I've accidentally done this when I thought my CO2 tank was on and it wasn't. The beer filtered just fine and filled the serving keg fine but then ran out of steam. Then I noticed my valve was closed.

Depending on how much volume of beer you're talking it may work but obviously at the expense of beer carbonation.

You could overshoot your expected volume of CO2 at your fermentation temp, cold crash then let the beer push itself through the filter and hope your final CO2 volume is correct. But you may squeeze the yeast too much and not fully attenuate.
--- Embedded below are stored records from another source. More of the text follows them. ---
Lemma lam_ge0 i x : Rplus2 x -> 0 <= lam k D sin K mu i x.
Proof.
move=> [b0 s0]; have mu0 := hmunn _ s0.
case: i => [|[|[|[|[|[|i]]]]]] //=;
  rewrite !mulr_ge0 ?(ltW hk) ?(ltW hD) ?(ltW hsin) //; by apply/ltW/hK.
Qed.

Lemma lamTE x : lamT k D sin K mu x = lam k D sin K mu 1 x + lam k D sin K mu 2 x
  + lam k D sin K mu 3 x + lam k D sin K mu 4 x + lam k D sin K mu 5 x.
Proof. exact: big_nat_1_6. Qed.

Lemma lamT_gt0 x : Rplus2 x -> 0 < lamT k D sin K mu x.
Proof.
move=> hx; have lam3 : 0 < lam k D sin K mu 3 x by rewrite /= !mulr_gt0 ?hK.
have := lam_ge0 1 _ hx; have := lam_ge0 2 _ hx; have := lam_ge0 4 _ hx.
have := lam_ge0 5 _ hx; rewrite lamTE; lra.
Qed.

Lemma lbar_ge0 i x : Rplus2 x -> 0 <= lbar k D sin K mu i x.
Proof. by move=> hx; rewrite /lbar divr_ge0 ?lam_ge0 ?(ltW (lamT_gt0 _ hx)). Qed.

Lemma lbar_sum1 x : Rplus2 x ->
  lbar k D sin K mu 1 x + lbar k D sin K mu 2 x + lbar k D sin K mu 3 x
  + lbar k D sin K mu 4 x + lbar k D sin K mu 5 x = 1.
Proof.
move=> hx; have := lt0r_neq0 (lamT_gt0 _ hx).
by rewrite /lbar lamTE => T0; field.
Qed.

Lemma vnorm_mK_sub_mC_le x : Rplus2 x ->
  vnorm (vsub (mK k D sin K mu x) (mC k D sin K mu x)) <= (Kmin K)^-1.
Proof.
move=> hx; have [b0 s0] := hx.
have term i y : (1 <= i <= 5)%N -> 0 <= y ->
    0 <= pospart (1 - K i * y) / K i * lbar k D sin K mu i x
      <= (Kmin K)^-1 * lbar k D sin K mu i x.
  move=> hi y0; have /andP[d0 dK] := jump_defect_bounds _ _ (hK _ hi) y0.
  rewrite mulr_ge0 ?lbar_ge0 //= ler_wpM2r ?lbar_ge0 //.
  exact: le_trans dK (invr_le_Kmin _ hi).
have /andP[t20 t2] := term 2%N _ isT s0; have /andP[t40 t4] := term 4%N _ isT b0.
have /andP[t50 t5] := term 5%N _ isT s0.
have Kmin_inv0 : 0 <= (Kmin K)^-1 by rewrite invr_ge0 (ltW Kmin_gt0).
have l1 := mulr_ge0 Kmin_inv0 (lbar_ge0 1 _ hx).
have l3 := mulr_ge0 Kmin_inv0 (lbar_ge0 3 _ hx).
have Kmin_invE : (Kmin K)^-1 = (Kmin K)^-1 * lbar k D sin K mu 1 x
    + (Kmin K)^-1 * lbar k D sin K mu 2 x + (Kmin K)^-1 * lbar k D sin K mu 3 x
    + (Kmin K)^-1 * lbar k D sin K mu 4 x + (Kmin K)^-1 * lbar k D sin K mu 5 x.
  by rewrite -!mulrDr lbar_sum1 ?mulr1.
rewrite mK_sub_mCE; apply: le_trans (vnorm_le_normD _ _) _.
rewrite !ger0_norm ?addr_ge0 //; lra.
Qed.

Lemma vnorm_fK_sub_fchem_le x : Rplus2 x ->
  vnorm (vsub (fK k D sin K mu x) (fchem k D sin mu x)) <=
    pospart (1 - K 2%N * x.2) * k * mu x.2 * x.1
    + pospart (1 - K 4%N * x.1) * D * x.1
    + pospart (1 - K 5%N * x.2) * D * x.2.
Proof.
move=> [b0 s0]; rewrite fK_sub_fchemE; apply: le_trans (vnorm_le_normD _ _) _.
rewrite !ger0_norm ?addr_ge0 ?mulr_ge0 ?pospart_ge0 ?hmunn ?(ltW hk) ?(ltW hD) //.
by rewrite addrCA addrA.
Qed.

End Chemostat.

Lemma fK_eq_fchem_of_ge (R : realType) (k D sin M : R) (K : nat -> R)
    (mu : R -> R) (x : R * R) :
  mu 0 = 0 -> (forall i : nat, (1 <= i <= 5)%N -> 0 < K i /\ M <= K i) ->
  Rplus2 x -> x.1^-1 <= M -> x.2^-1 <= M ->
  fK k D sin K mu x = fchem k D sin mu x.
Proof.
move=> hmu0 hKM hx hb hs.
have hK i : (1 <= i <= 5)%N -> 0 < K i by move=> /hKM[].
have le_K i y : (1 <= i <= 5)%N -> y <= M -> y <= K i.
  by move=> /hKM[_ MK] yM; apply: le_trans MK.
by apply: fK_eq_fchem_of_inv_le => //; apply: le_K.
Qed.

Theorem lemma1 (R : realType) (k D sin mumax : R) (K : nat -> R) (mu : R -> R)
  (hk : 0 < k) (hD : 0 < D) (hsin : 0 < sin)
  (hK : forall i : nat, (1 <= i <= 5)%N -> 0 < K i)
  (hmu0 : mu 0 = 0)
  (hmupos : forall s : R, 0 < s -> 0 < mu s)
  (hmunn : forall s : R, 0 <= s -> 0 <= mu s)
  (hmumax : forall s : R, 0 <= s -> mu s <= mumax)
  (hmucont : forall e : R, 0 < e ->
     exists2 d : R, 0 < d & forall s : R, 0 <= s < d -> `|mu s - mu 0| < e) :
  (forall (i : nat) (x : R * R), (1 <= i <= 5)%N -> Rplus2 x ->
     vnorm (nuK K i x) <= vnorm (nu K i)) /\
  (forall x : R * R, Rplus2 x -> ~ RK K x ->
     (forall i : nat, (1 <= i <= 5)%N -> nuK K i x = nu K i) /\
     mK k D sin K mu x = mC k D sin K mu x /\
     fK k D sin K mu x = fchem k D sin mu x) /\
  (forall x : R * R, Rplus2 x ->
     (forall i : nat, (1 <= i <= 5)%N ->
        vnorm (vsub (nuK K i x) (nu K i)) <= (Kmin K)^-1) /\
     vnorm (vsub (mK k D sin K mu x) (mC k D sin K mu x)) <= (Kmin K)^-1 /\
     vnorm (vsub (fK k D sin K mu x) (fchem k D sin mu x)) <=
       pospart (1 - K 2%N * x.2) * k * mu x.2 * x.1
       + pospart (1 - K 4%N * x.1) * D * x.1
       + pospart (1 - K 5%N * x.2) * D * x.2) /\
  (forall x : R * R, Rplus2 x ->
     forall e : R, 0 < e -> exists M : R, forall K' : nat -> R,
       (forall i : nat, (1 <= i <= 5)%N -> 0 < K' i /\ M <= K' i) ->
       vnorm (vsub (fK k D sin K' mu x) (fchem k D sin mu x)) <= e) /\
  (forall A : set (R * R), compact A -> A `<=` [set x | 0 < x.1 /\ 0 < x.2] ->
     forall e : R, 0 < e -> exists M : R, forall K' : nat -> R,
       (forall i : nat, (1 <= i <= 5)%N -> 0 < K' i /\ M <= K' i) ->
       forall x : R * R, A x ->
         vnorm (vsub (fK k D sin K' mu x) (fchem k D sin mu x)) <= e).
Proof.
split; first exact: vnorm_nuK_le.
split.
  move=> x hx nR; split; first by move=> i _; exact: nuK_eq_nu_outside_RK.
  by split; [exact: mK_eq_mC_outside_RK | exact: fK_eq_fchem_outside_RK].
split.
  move=> x hx; split; first by move=> i hi; exact: vnorm_nuK_sub_nu_le.
  by split; [exact: vnorm_mK_sub_mC_le | exact: vnorm_fK_sub_fchem_le].
have fK_close e M K' x : 0 < e ->
    (forall i : nat, (1 <= i <= 5)%N -> 0 < K' i /\ M <= K' i) ->
    Rplus2 x -> x.1^-1 <= M -> x.2^-1 <= M ->
    vnorm (vsub (fK k D sin K' mu x) (fchem k D sin mu x)) <= e.
  move=> e0 hKM hx hb hs.
  rewrite (fK_eq_fchem_of_ge R k D sin M K' mu x hmu0 hKM hx hb hs).
  by rewrite vsubxx vnorm0l normr0 ltW.
split.
  move=> x hx e e0; exists (Num.max x.1^-1 x.2^-1) => K' hKM.
  by apply: fK_close hKM hx _ _; rewrite // le_max lexx ?orbT.
move=> A cA sA e e0.
have fst_cont : continuous (@fst R R) by move=> ?; exact: cvg_fst.
have snd_cont : continuous (@snd R R) by move=> ?; exact: cvg_snd.
have [d1 d10 Ad1] :=
  compact_pos_lower_bound _ _ _ _ fst_cont cA (fun x Ax => (sA x Ax).1).
have [d2 d20 Ad2] :=
  compact_pos_lower_bound _ _ _ _ snd_cont cA (fun x Ax => (sA x Ax).2).
exists (Num.max d1^-1 d2^-1) => K' hKM x Ax; have [b0 s0] := sA x Ax.
apply: fK_close hKM _ _ _ => //; first by split; exact: ltW.
  by rewrite le_max lef_pV2 ?posrE ?Ad1.
by rewrite le_max [x.2^-1 <= d2^-1]lef_pV2 ?posrE ?Ad2 ?orbT.
Qed.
I think you're better off having a tank...
 
If you had 2.5gal of beer in a 5gal corny, you'd drop the pressure in the head space by half in the process of moving that beer out. If you had enough pressure that there was still enough to overcome the filter resistance at the end, the beer would move. Of course as your pressure is dropping, the resistance of the filter is increasing due to stuff accumulating on the filter media. The problem is worse when you have 4gal in a 5gal vessel. At that point moving the beer out will lower the pressure by a factor of 5, so you'd need to start with 5x the pressure required to push the beer through the filter. I'm guessing you need 10psi to push the last of the beer through a filter. After all, you need 4psi just to run beer through a hose into your glass at a decent rate. So to have 10psi at the end of transfer you'd need 50psi in the corny. Thats a little much for a corny and certainly too much to be getting through spunding. I've read that at 40+PSI all yeast activity stops.